Marsh’s assignment began by building “little houses for the South Vietnamese Army.”

Black Horse Base Camp was his headquarters. “The environment was mostly jungle and rubber trees,” he said.

Marsh had been in service for 112 days when he was injured in an ambush that took the lives of four of his comrades.

Marsh took shrapnel to his head and severely injured his hand.

His story, with his permission, is below. (warning: some of the content in the video below is graphic)
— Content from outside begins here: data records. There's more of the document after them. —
(* Let $T>0$, $\gamma\in(0,T]$, $\mathcal{T}=[0,T]$, $\mathcal{D}$ the set of Lebesgue measurable $\delta:\mathcal{T}\to[-1,1]$ with $\int_{\mathcal{T}}|\delta(t)|\,\mathrm{d}t\le\gamma$, $\eta^+,\eta^-\in(0,1]$, and let $y(x^b,x^r,\delta,y_0,t)=y_0+\int_0^t\big(\eta^+[x^b+\delta(s)x^r]^+-\frac{1}{\eta^-}[x^b+\delta(s)x^r]^-\big)\mathrm{d}s$. Let $\bar y^+\ge 0$, $\bar y^-\ge 0$, $\bar y>0$, and $0\le y_0\le\bar y$. Then for every $x^b\in\mathbb{R}$ and $x^r\ge 0$: (i) $[x^b+\delta(t)x^r]^+\le\bar y^+$ for all $\delta\in\mathcal{D}$, $t\in\mathcal{T}$ if and only if $x^b+x^r\le\bar y^+$; (ii) $[x^b+\delta(t)x^r]^-\le\bar y^-$ for all $\delta\in\mathcal{D}$, $t\in\mathcal{T}$ if and only if $x^r-x^b\le\bar y^-$; (iii) $y(x^b,x^r,\delta,y_0,t)\le\bar y$ for all $\delta\in\mathcal{D}$, $t\in\mathcal{T}$ if and only if $y_0+\eta^+\big(\max\{\gamma x^b,Tx^b\}+\gamma x^r\big)\le\bar y$; (iv) $y(x^b,x^r,\delta,y_0,t)\ge 0$ for all $\delta\in\mathcal{D}$, $t\in\mathcal{T}$ if and only if $y_0-\frac{1}{\eta^-}\big(\gamma x^r-\min\{\gamma x^b,Tx^b\}\big)\ge 0$.
   Context: $[a]^+=\max\{a,0\}$, $[a]^-=\max\{-a,0\}$. $x^b$ is the battery's base power, $x^r$ the reserve capacity, $[x^b+\delta(t)x^r]^\pm$ the charging/discharging power, $\bar y^\pm$ the charging/discharging power limits, $\bar y$ the storage capacity, $y_0$ the initial state-of-charge, and $y$ the state-of-charge. *)

From HB Require Import structures.
From mathcomp Require Import all_boot all_order all_algebra.
From mathcomp Require Import all_classical all_reals all_analysis.
Set Implicit Arguments. Unset Strict Implicit. Unset Printing Implicit Defensive.
Import Order.TTheory GRing.Theory Num.Theory.
Local Open Scope classical_set_scope.
Local Open Scope ring_scope.
Lemma new_EC_odd_comps J : EC h J -> ~~ EC g J ->
  [set C in comps g J | odd #|C|] = [set component g J u; component g J v].
Proof.
move=> ecJ necJ; have /and3P [uJ vJ nuv] := new_EC_joins ecJ necJ.
have other C : C \in comps g J -> C != component g J u -> C != component g J v ->
    ~~ odd #|C|.
  case/compsP => x xJ -> nu nv.
  have notin y : component g J x != component g J y -> y \notin component g J x.
    by apply: contra => /comp_eq ->.
  apply: (closed_in_even add_edge_sym (comp_sub _ _ _) _ ecJ).
  exact: comp_add_edge_closed (notin _ nu) (notin _ nv).
have oUV : ~~ odd (#|component g J u| + #|component g J v|).
  by rewrite -card_comp_add_edge ?(ECP _ _ ecJ) ?comp_in //; apply/and3P.
have oU : odd #|component g J u|.
  apply: contraR necJ => eU; apply/ECP => C CJ.
  have [->//|nu] := eqVneq C (component g J u); have [->|] := eqVneq C (component g J v).
    by move: oUV; rewrite oddD (negbTE eU).
  exact: other.
have oV : odd #|component g J v| by move: oUV; rewrite oddD oU; case: odd.
apply/setP => C; rewrite !inE.
apply/idP/idP => [/andP [CJ oC]|/orP [] /eqP ->]; rewrite ?comp_in ?oU ?oV //.
by apply: contraLR oC; rewrite negb_or => /andP []; apply: other.
Qed.

Lemma new_EC_card J : EC h J -> ~~ EC g J -> 0 < #|J| /\ ~~ odd #|J|.
Proof.
move=> ecJ necJ; have /and3P [uJ _ _] := new_EC_joins ecJ necJ.
by rewrite (EC_even add_edge_sym ecJ) card_gt0; split => //; apply/set0Pn; exists u.
Qed.

Lemma joins_comps_bnum W : joins_comps W -> odd #|component h W u| -> bnum g W = 0%R.
Proof.
move=> jW; have /and3P [uW vW _] := jW; rewrite card_comp_add_edge // oddD.
have evenW x : x \in W -> ~~ odd #|component g W x| -> bnum g W = 0%R.
  by move=> xW; apply: (bnum_even_comp sg (comp_in g xW)).
case: (boolP (odd #|component g W u|)) => /= [_|eu _]; first exact: evenW vW.
exact: evenW uW eu.
Qed.

Lemma new_EC_n_odd_comps J : EC h J -> ~~ EC g J -> n_odd_comps g J = 2.
Proof.
move=> ecJ necJ; have /and3P [_ vJ nuv] := new_EC_joins ecJ necJ.
rewrite /n_odd_comps new_EC_odd_comps // cards2; case: eqVneq => // euv.
by have := @comp_mem _ g J v vJ; rewrite -euv inE (negbTE nuv) andbF.
Qed.

End AddEdge.
Lemma word_val_set_letter (e : 'I_N.+2) I (r : 'I_N.+1) k x : (r < e)%N ->
  word_val (e, set_letter I r k) x =
  x 0 k * \prod_(r' < N.+1 | (r' < e)%N && (r' != r)) x 0 (I r').
Proof.
move=> re; rewrite /word_val /= (bigD1 r) //= ffunE eqxx; congr (_ * _).
by apply: eq_bigr => r' /andP[_ /negbTE r'r]; rewrite ffunE r'r.
Qed.

Definition letters (al : 'I_n.+1 -> nat) (k : 'I_n.+1) : seq 'I_n.+1 :=
  k :: flatten [seq nseq (al i) i | i <- index_enum 'I_n.+1].

Lemma size_letters al k : size (letters al k) = (\sum_i al i).+1.
Proof.
rewrite /= size_flatten /shape -map_comp sumnE big_map; congr S.
by apply: eq_bigr => i _; rewrite /= size_nseq.
Qed.

Definition mono_word (al : 'I_n.+1 -> nat) (k : 'I_n.+1) : word :=
  (inord (\sum_i al i).+1, [ffun r : 'I_N.+1 => nth k (letters al k) r]).

Lemma word_val_mono_word al k x : (\sum_i al i <= N)%N ->
  word_val (mono_word al k) x = x 0 k * monom al x.
Proof.
move=> alN; rewrite /word_val /= inordK ?ltnS //.
under eq_bigr do rewrite ffunE.
rewrite -(big_ord_widen _ (fun r => x 0 (nth k (letters al k) r))) ?ltnS //.
rewrite -(size_letters al k) -(big_mkord xpredT (fun r => x 0 (nth k (letters al k) r))).
rewrite -(big_nth k xpredT (fun j => x 0 j)) big_cons big_flatten /= big_map.
congr (_ * _); apply: eq_bigr => i _.
by elim: (al i) => [|a IH]; rewrite ?big_nil ?expr0 //= big_cons IH exprS.
Qed.

End Words.

Lemma tangent_bracket (R : realType) n (x v : 'rV[R]_n) i :
  dotv x x = 1 -> dotv x v = 0 ->
  \sum_k (v 0 i * x 0 k - v 0 k * x 0 i) * x 0 k = v 0 i.
Proof.
rewrite /dotv => xx1 xv0.
transitivity (v 0 i * (\sum_k x 0 k * x 0 k) - (\sum_k x 0 k * v 0 k) * x 0 i).
  by rewrite mulr_sumr mulr_suml -sumrB; apply: eq_bigr => k _; ring.
by rewrite xx1 xv0 mulr1 mul0r subr0.
Qed.

Section SphereField.
Variables (R : realType) (n N : nat).
Variable s : seq ('rV[R]_n.+1 * ('I_n.+1 -> nat)).
Hypothesis s_deg : all (fun p => (\sum_i p.2 i <= N)%N) s.

Definition poly_field (x : 'rV[R]_n.+1) : 'rV[R]_n.+1 := \sum_(p <- s) monom p.2 x *: p.1.

Definition bracket_coef (i k : 'I_n.+1) (J : word n N) : R :=
  \sum_(p <- s)
    (p.1 0 i * (J == mono_word N p.2 k)%:R - p.1 0 k * (J == mono_word N p.2 i)%:R).

Lemma bracket_coef_skew i k J : bracket_coef i k J = - bracket_coef k i J.
Proof. by rewrite /bracket_coef -sumrN; apply: eq_bigr => p _; rewrite opprB. Qed.
Lemma upper_avg_le_scale w v lo hi lo' hi' lam C :
  (forall k, lo <= w k <= hi) -> (forall k, lo' <= v k <= hi') -> 0 <= lam ->
  (forall a n, segsum w a n <= lam * segsum v a n + C) ->
  upper_avg w <= lam * upper_avg v.
Proof.
  intros Hw Hv Hlam HC; apply Rle_plus_epsilon; intros eps He.
  set (e := eps / (lam + 1)).
  assert (He' : 0 < e) by (apply Rdiv_lt_0_compat; lra).
  assert (Heps : eps = (lam + 1) * e) by (unfold e; field; lra).
  destruct (upper_avg_tail v lo' hi' Hv e He') as [N HN].
  destruct (INR_archimed e C He') as [M HM].
  assert (HC0 : 0 <= C) by (pose proof (HC 0%Z 0%nat) as H0; unfold segsum in H0; simpl in H0; lra).
  set (n := (N + M)%nat).
  assert (HMn : INR M <= INR n) by (apply le_INR; unfold n; lia).
  assert (Hn : (0 < n)%nat) by (destruct M; [simpl in HM; lra|unfold n; lia]).
  assert (Hmax : max_segsum w n <= lam * max_segsum v n + C).
  { apply (max_segsum_le w lo hi Hw); intros a.
    pose proof (segsum_le_max v lo' hi' Hv n a); pose proof (HC a n); nra. }
  pose proof (upper_avg_le_max w lo hi Hw n Hn).
  pose proof (HN n (Nat.le_add_r N M)); pose proof (lt_0_INR n Hn).
  nra.
Qed.

Lemma avg_scale w v lo hi lo' hi' lam C :
  (forall k, lo <= w k <= hi) -> (forall k, lo' <= v k <= hi') -> 0 < lam ->
  (forall a n, - C <= segsum w a n - lam * segsum v a n <= C) ->
  upper_avg w = lam * upper_avg v /\ lower_avg w = lam * lower_avg v.
Proof.
  assert (Hup : forall w v lo hi lo' hi',
    (forall k, lo <= w k <= hi) -> (forall k, lo' <= v k <= hi') -> 0 < lam ->
    (forall a n, - C <= segsum w a n - lam * segsum v a n <= C) ->
    upper_avg w = lam * upper_avg v).
  { clear; intros w v lo hi lo' hi' Hw Hv Hlam HC.
    apply Rle_antisym.
    - apply (upper_avg_le_scale w v lo hi lo' hi' lam C Hw Hv); [lra|].
      intros a n; pose proof (HC a n); lra.
    - assert (Hinv : upper_avg v <= / lam * upper_avg w).
      { apply (upper_avg_le_scale v w lo' hi' lo hi (/ lam) (C / lam) Hv Hw).
        - left; apply Rinv_0_lt_compat, Hlam.
        - intros a n; pose proof (HC a n).
          apply (Rmult_le_reg_l lam); [exact Hlam|]; field_simplify; lra. }
      apply (Rmult_le_compat_l lam) in Hinv; [|lra].
      rewrite <- Rmult_assoc, Rinv_r, Rmult_1_l in Hinv by lra; exact Hinv. }
  intros Hw Hv Hlam HC; split; [exact (Hup w v lo hi lo' hi' Hw Hv Hlam HC)|].
  unfold lower_avg; rewrite (Hup (fun k => - w k) (fun k => - v k) (- hi) (- lo) (- hi') (- lo'));
    [ring| | |exact Hlam|].
  - intros k; specialize (Hw k); lra.
  - intros k; specialize (Hv k); lra.
  - intros a n; rewrite !segsum_opp; pose proof (HC a n); lra.
Qed.

Lemma lower_avg_bounds w lo hi : (forall k, lo <= w k <= hi) -> lo <= lower_avg w <= hi.
Proof.
  intros Hw; unfold lower_avg.
  assert (Hn : forall k, - hi <= - w k <= - lo) by (intros k; specialize (Hw k); lra).
  pose proof (upper_avg_bounds _ _ _ Hn); lra.
Qed.
Lemma cofinal_irreducible : alpha_cofinal alpha -> tau_irreducible alpha.
Proof.
move=> cof W Wo Wi.
have [[x [Px Wx]] | W0] := classic (exists x, is_inf_path x /\ W x); last first.
  by left => x Px Wx; apply: W0; exists x.
right => y Py; have [N WN] := open_path_set_init HK Wo Px Wx.
have [w [Pw wN wy]] := reaches_traj_equiv Px Py (cof _ _ (path_vertex Px N) Py).
exact: Wi w y Pw Py (WN w Pw wN) wy.
Qed.

Lemma irreducible_cofinal : locally_finite_no_sources_sinks L ->
  tau_irreducible alpha -> alpha_cofinal alpha.
Proof.
move=> LF irr v x vv Px.
have [W0 | Wall] := irr (reaches v) (@reaches_open v) (@reaches_invariant v); last exact: Wall.
have [y [Py y0]] := path_from_vertex HK LF vv.
have [vr vs] := vertex_kr_ks HK vv.
case: (W0 y Py); exists nn0, nn0, nn0, v.
by rewrite zzneg0 !alpha0 vr vs y0.
Qed.

End Action.

Theorem lemma5p7 (k l : nat) (L : kgraph k) (alpha : ZZ l -> L -> L) :
  is_kgraph L -> locally_finite_no_sources_sinks L -> is_aut_action alpha ->
  (alpha_cofinal alpha <-> tau_irreducible alpha).
Proof.
move=> HK LF HA; split; first exact: cofinal_irreducible.
exact: irreducible_cofinal.
Qed.
Lemma sprefix_length u v : sprefix u v -> (length u <= length v)%nat.
Proof. intros [z ->]. rewrite length_app. lia. Qed.

Lemma sprefix_trans u v z : sprefix u v -> sprefix v z -> sprefix u z.
Proof. intros [a ->] [c ->]. exists (a ++ c). now rewrite app_assoc. Qed.

Lemma prefix_of_sprefix u v X :
  prefix_of u X -> prefix_of v X -> (length u <= length v)%nat -> sprefix u v.
Proof.
  intros Hu Hv Hl. exists (skipn (length u) v).
  rewrite <- (firstn_skipn (length u) v) at 1. f_equal.
  apply nth_ext with (d := false) (d' := false); rewrite length_firstn; [lia|].
  intros i Hi. rewrite nth_firstn.
  destruct (Nat.ltb_spec i (length u)); [|lia].
  rewrite Hu, Hv by lia. reflexivity.
Qed.

Lemma prefix_of_rcons s c X : prefix_of (s ++ [c]) X <-> prefix_of s X /\ X (length s) = c.
Proof.
  split.
  - intros H. split.
    + intros i Hi. rewrite <- H by (rewrite length_app; simpl; lia). now rewrite app_nth1.
    + rewrite <- H by (rewrite length_app; simpl; lia).
      now rewrite app_nth2, Nat.sub_diag by lia.
  - intros [H1 H2] i Hi. rewrite length_app in Hi. simpl in Hi.
    destruct (Nat.ltb_spec i (length s)).
    + rewrite app_nth1; auto.
    + replace i with (length s) by lia. now rewrite app_nth2, Nat.sub_diag by lia.
Qed.

Lemma prefix_of_rcons_cases s X :
  prefix_of s X -> prefix_of (s ++ [false]) X \/ prefix_of (s ++ [true]) X.
Proof.
  intros H. destruct (X (length s)) eqn:E; [right | left]; apply prefix_of_rcons; auto.
Qed.

Lemma sprefix_rcons_disjoint s v : sprefix (s ++ [false]) v -> ~ sprefix (s ++ [true]) v.
Proof.
  intros [a ->] [c Hc]. rewrite <- !app_assoc in Hc.
  apply app_inv_head in Hc. discriminate.
Qed.

Lemma restr_length X n : length (restr X n) = n.
Proof. unfold restr. now rewrite length_map, length_seq. Qed.

Lemma restr_nth X n i : (i < n)%nat -> nth i (restr X n) false = X i.
Proof.
  intros Hi. unfold restr.
  rewrite nth_indep with (d' := X 0%nat) by (now rewrite length_map, length_seq).
  now rewrite map_nth, seq_nth.
Qed.

Lemma prefix_of_restr X n : prefix_of (restr X n) X.
Proof. intros i Hi. rewrite restr_length in Hi. now apply restr_nth. Qed.

Lemma restr_prefix_of s X : prefix_of s X -> restr X (length s) = s.
Proof.
  intros H. apply nth_ext with (d := false) (d' := false); rewrite restr_length; [reflexivity|].
  intros i Hi. rewrite restr_nth by lia. symmetry. now apply H.
Qed.

Lemma strings_length n u : In u (strings n) -> length u = n.
Proof.
  revert u; induction n as [|n IH]; simpl; intros u H.
  - now destruct H as [<- | []].
  - apply in_flat_map in H as [v [Hv Hu]]. apply IH in Hv.
    destruct Hu as [<- | [<- | []]]; rewrite length_app; simpl; lia.
Qed.

Lemma in_strings n u : length u = n -> In u (strings n).
Proof.
  revert u; induction n as [|n IH]; simpl; intros u H.
  - destruct u; [auto | discriminate].
  - destruct (@exists_last _ u) as [v [c ->]]; [intros ->; discriminate|].
    rewrite length_app in H. simpl in H. apply in_flat_map. exists v.
    split; [apply IH; lia | destruct c; simpl; auto].
Qed.

Definition weight (u : bstring) : R := (/2) ^ length u.

Lemma weight_pos u : 0 < weight u.
Proof. apply half_pow_pos. Qed.

Lemma weight_rcons s c : weight (s ++ [c]) = weight s / 2.
Proof. unfold weight. rewrite length_app, Nat.add_1_r. simpl. lra. Qed.

Lemma weight_antitone u v : (length u <= length v)%nat -> weight v <= weight u.
Proof.
  intros H. unfold weight. replace (length v) with (length u + (length v - length u))%nat by lia.
  rewrite pow_add. pose proof (half_pow_pos (length u)).
  assert ((/2) ^ (length v - length u) <= 1) by (rewrite <- (pow1 (length v - length u));
    apply pow_incr; lra).
  nra.
Qed.

Lemma psum_S f n : psum f (S n) = psum f n + weight (f n).
Proof. reflexivity. Qed.

Lemma psum_le f n m : (n <= m)%nat -> psum f n <= psum f m.
Proof. induction 1; [lra | rewrite psum_S; pose proof (weight_pos (f m)); lra]. Qed.

Definition psums (f : nat -> bstring) : R -> Prop := fun r => exists n, r = psum f n.

Lemma psums_lub f B :
  (forall n, psum f n <= B) -> is_lub (psums f) (Rsup (psums f)).
Proof.
  intros HB. apply Rsup_lub; [exists B; intros r [n ->]; auto | now exists (psum f 0), 0%nat].
Qed.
“A black fella from South Carolina came to my rescue. I don’t remember his name,” said Marsh.

“Then they take you by helicopter to a Mobile Army Surgical Hospital (MASH unit) and they bandaged me up and gave me a shot of morphine. I was then transferred to a bigger hospital where they cut your clothes off and do what they think is best and plop you back into a bed.”

“I spent three days in Vietnam, went to Japan for another surgery and from there I went to Travis Air Force Base in California and finally to an Air Force hospital in Denver,” he said.

Marsh was in service for one year, five months and 21 days. He returned home with little fanfare and went back to work at Cutler Hammer before spending 38 years with the U.S. Postal Service.

Marsh will be one of the veterans in attendance Saturday at Shred Day. He encourages parents to come and bring their kids.

“Let them ask me about my arm. I’m OK with it; I want them to feel comfortable talking to me,” he said.